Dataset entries

(* Let $\gamma_a,\gamma_s>0$, $\lambda\ge 0$, $q>0$, $\sigma_B>0$ and $\varepsilon_a\in(0,2)$. Let $\beta_a,\beta_s:\mathbb R\to\mathbb R$ be globally Lipschitz continuous with $\beta_a\ge 0$ and $\beta_s>0$, and set $\mathcal R_a(T_a)=q\beta_a(T_a)$, $\mathcal R_s(T_s)=q\beta_s(T_s)$. Let $T_a^{(0)}\ge 0$ and $T_s^{(0)}\ge 0$. Then the problem \[ \begin{cases} \gamma_a T_a'=-\lambda(T_a-T_s)+\varepsilon_a\sigma_B|T_s|^3T_s-2\varepsilon_a\sigma_B|T_a|^3T_a+\mathcal R_a(T_a),\\ \gamma_s T_s'=-\lambda(T_s-T_a)-\sigma_B|T_s|^3T_s+\varepsilon_a\sigma_B|T_a|^3T_a+\mathcal R_s(T_s),\\ T_a(0)=T_a^{(0)},\quad T_s(0)=T_s^{(0)} \end{cases} \] admits a unique solution, which is defined and bounded on $[0,+\infty)$. Moreover, $T_a(t)>0$ and $T_s(t)>0$ for every $t\in(0,+\infty)$. *)

From Stdlib Require Import Reals.
From Coquelicot Require Import Coquelicot.
Open Scope R_scope.

Definition lipschitz (f : R -> R) : Prop :=
  exists L : R, 0 <= L /\ forall x y : R, Rabs (f x - f y) <= L * Rabs (x - y).

Definition rhs_a (lam eps sigB q : R) (beta_a : R -> R) (Ta Ts : R) : R :=
  - lam * (Ta - Ts) + eps * sigB * (Rabs Ts ^ 3 * Ts)
  - 2 * eps * sigB * (Rabs Ta ^ 3 * Ta) + q * beta_a Ta.

Definition rhs_s (lam eps sigB q : R) (beta_s : R -> R) (Ta Ts : R) : R :=
  - lam * (Ts - Ta) - sigB * (Rabs Ts ^ 3 * Ts)
  + eps * sigB * (Rabs Ta ^ 3 * Ta) + q * beta_s Ts.

Definition solution_on (ga gs lam eps sigB q : R) (beta_a beta_s : R -> R)
    (Ta0 Ts0 T : R) (Ta Ts : R -> R) : Prop :=
  Ta 0 = Ta0 /\ Ts 0 = Ts0 /\
  filterlim Ta (at_right 0) (locally (Ta 0)) /\
  filterlim Ts (at_right 0) (locally (Ts 0)) /\
  (forall t, 0 < t < T ->
     is_derive Ta t ((rhs_a lam eps sigB q beta_a (Ta t) (Ts t)) / ga) /\
     is_derive Ts t ((rhs_s lam eps sigB q beta_s (Ta t) (Ts t)) / gs)).

(* Truncating the right-hand side outside the box [0, M]^2 makes it bounded and globally
   Lipschitz, so Picard iteration gives a global solution.  A comparison argument keeps that
   solution in the box: on the axes the field points inwards, and the energy
   E = ga Ta + c gs Ts with c = (2 + eps) / 2 satisfies
   E' <= A + B (Ta + Ts) - kappa (Ta^4 + Ts^4), which is negative once either temperature is
   large, so E stays below an explicit level.  For M above that level the truncation is
   inactive and the truncated solution solves the original system.  Uniqueness is a Gronwall
   argument on exp (- C t) |U - Y|^2 using the Lipschitz bound near the bounded solution, and
   positivity comes from the sign of the derivative at a first zero. *)

From Stdlib Require Import Reals Lra Lia.
From Coquelicot Require Import Coquelicot.
Open Scope R_scope.

Definition lipschitz_with (K : R) (f : R -> R) : Prop :=
  forall x y, Rabs (f x - f y) <= K * Rabs (x - y).

Lemma lipschitz_with_nonneg K f (x y : R) : lipschitz_with K f -> x <> y -> 0 <= K.
Proof.
  intros Hf Hxy. specialize (Hf x y).
  pose proof (Rabs_pos (f x - f y)). pose proof (Rabs_pos_lt (x - y) ltac:(lra)). nra.
Qed.

Lemma lipschitz_continuous K f x : lipschitz_with K f -> continuous f x.
Proof.
  intros Hf. apply continuity_pt_filterlim. intros e He.
  assert (HK : 0 <= K) by exact (lipschitz_with_nonneg K f 0 1 Hf ltac:(lra)).
  exists (e / (K + 1)). split; [apply Rdiv_lt_0_compat; lra|].
  intros y [_ Hy]. simpl in *. unfold R_dist in *.
  apply (Rle_lt_trans _ (K * Rabs (y - x))); [apply Hf|].
  apply (Rle_lt_trans _ ((K + 1) * Rabs (y - x))); [pose proof (Rabs_pos (y - x)); nra|].
  apply (Rmult_lt_compat_l (K + 1)) in Hy; [|lra].
  replace ((K + 1) * (e / (K + 1))) with e in Hy by (field; lra). exact Hy.
Qed.

Lemma lipschitz_ex_RInt K f a b : lipschitz_with K f -> ex_RInt f a b.
Proof.
  intros Hf. apply (ex_RInt_continuous (V := R_CompleteNormedModule)).
  intros z _. exact (lipschitz_continuous K f z Hf).
Qed.

Lemma lipschitz_with_lim K (f : nat -> R -> R) (F : R -> R) :
  (forall n, lipschitz_with K (f n)) -> (forall t, is_lim_seq (fun n => f n t) (F t)) ->
  lipschitz_with K F.
Proof.
  intros Hf HF x y.
  assert (Hl := is_lim_seq_abs _ _ (is_lim_seq_minus' _ _ _ _ (HF x) (HF y))).
  exact (is_lim_seq_le _ _ _ _ (fun n => Hf n x y) Hl (is_lim_seq_const _)).
Qed.

Lemma lipschitz_with_Rmax0 K f : 0 <= K -> lipschitz_with K f -> lipschitz_with K (fun t => f (Rmax 0 t)).
Proof.
  intros HK Hf x y. eapply Rle_trans; [apply Hf|]. apply Rmult_le_compat_l; [exact HK|].
  unfold Rmax. destruct (Rle_dec 0 x), (Rle_dec 0 y); unfold Rabs; repeat destruct Rcase_abs; lra.
Qed.

Lemma RInt_0_diff_le (h : R -> R) F s t :
  (forall a b, ex_RInt h a b) -> (forall u, Rabs (h u) <= F) ->
  Rabs (RInt h 0 t - RInt h 0 s) <= F * Rabs (t - s).
Proof.
  intros Hex Hb.
  rewrite <- (RInt_Chasles (V := R_CompleteNormedModule) h 0 s t) by auto.
  change (plus (RInt h 0 s) (RInt h s t)) with (RInt h 0 s + RInt h s t).
  rewrite Rplus_minus_l.
  rewrite Rmult_comm. destruct (Rle_or_lt s t).
  - rewrite (Rabs_right (t - s)) by lra. apply abs_RInt_le_const; auto.
  - rewrite <- (opp_RInt_swap h t s) by auto. change (opp (RInt h t s)) with (- RInt h t s).
    rewrite Rabs_Ropp, (Rabs_left (t - s)) by lra.
    replace (- (t - s)) with (s - t) by ring. apply abs_RInt_le_const; auto; lra.
Qed.

Lemma is_derive_RInt_0 (f h : R -> R) c K t :
  lipschitz_with K h -> 0 < t -> (forall b, 0 <= b -> f b = c + RInt h 0 b) ->
  is_derive f t (h t).
Proof.
  intros Hh Ht Hf.
  assert (Hd : is_derive (fun b => RInt h 0 b) t (h t)).
  { apply (is_derive_RInt (V := R_CompleteNormedModule) h _ 0).
    - apply filter_forall. intros b. apply (RInt_correct (V := R_CompleteNormedModule)).
      exact (lipschitz_ex_RInt K h 0 b Hh).
    - exact (lipschitz_continuous K h t Hh). }
  apply (is_derive_ext_loc (fun b => c + RInt h 0 b)).
  - exists (mkposreal t Ht). intros y Hy. rewrite Hf; [reflexivity|].
    change (Rabs (y - t) < t) in Hy. apply Rabs_def2 in Hy. lra.
  - assert (Hc := is_derive_plus (fun _ => c) _ t zero (h t) (is_derive_const c t) Hd).
    rewrite plus_zero_l in Hc. exact Hc.
Qed.

(** * Right continuity and a comparison principle *)

Definition right_cont (f : R -> R) (t : R) : Prop := filterlim f (at_right t) (locally (f t)).

Lemma continuous_right_cont f t : continuous f t -> right_cont f t.
Proof.
  apply filterlim_filter_le_1. intros P HP. exact (filter_imp _ _ (fun _ H _ => H) HP).
Qed.

Lemma right_cont_plus f g t : right_cont f t -> right_cont g t -> right_cont (fun s => f s + g s) t.
Proof. intros Hf Hg. exact (filterlim_comp_2 _ _ Rplus Hf Hg (filterlim_plus (f t) (g t))). Qed.

Lemma right_cont_mult f g t : right_cont f t -> right_cont g t -> right_cont (fun s => f s * g s) t.
Proof. intros Hf Hg. exact (filterlim_comp_2 _ _ Rmult Hf Hg (filterlim_mult (f t) (g t))). Qed.

Lemma right_cont_comp h f t : continuous h (f t) -> right_cont f t -> right_cont (fun s => h (f s)) t.
Proof. intros Hh Hf. exact (filterlim_comp _ _ _ _ h _ _ _ Hf Hh). Qed.

Lemma right_cont_near f t e : right_cont f t -> 0 < e -> at_right t (fun s => Rabs (f s - f t) < e).
Proof. intros Hf He. exact (Hf _ (locally_ball (f t) (mkposreal e He))). Qed.

Lemma right_cont_const c t : right_cont (fun _ => c) t.
Proof. apply filterlim_const. Qed.

Lemma right_cont_opp f t : right_cont f t -> right_cont (fun s => - f s) t.
Proof. intros Hf. exact (filterlim_comp _ _ _ _ Ropp _ _ _ Hf (filterlim_opp (f t))). Qed.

▶ [Your objective] Above are the entries. Quote exactly the lines from the one bearing "- assert (Hc" through the one bearing "Proof. intros Hf Hg. exact (filterlim_comp_2 _ _ Rplus".

▶ [Exercise answer]
  - assert (Hc := is_derive_plus (fun _ => c) _ t zero (h t) (is_derive_const c t) Hd).
    rewrite plus_zero_l in Hc. exact Hc.
Qed.

(** * Right continuity and a comparison principle *)

Definition right_cont (f : R -> R) (t : R) : Prop := filterlim f (at_right t) (locally (f t)).

Lemma continuous_right_cont f t : continuous f t -> right_cont f t.
Proof.
  apply filterlim_filter_le_1. intros P HP. exact (filter_imp _ _ (fun _ H _ => H) HP).
Qed.

Lemma right_cont_plus f g t : right_cont f t -> right_cont g t -> right_cont (fun s => f s + g s) t.
Proof. intros Hf Hg. exact (filterlim_comp_2 _ _ Rplus Hf Hg (filterlim_plus (f t) (g t))). Qed.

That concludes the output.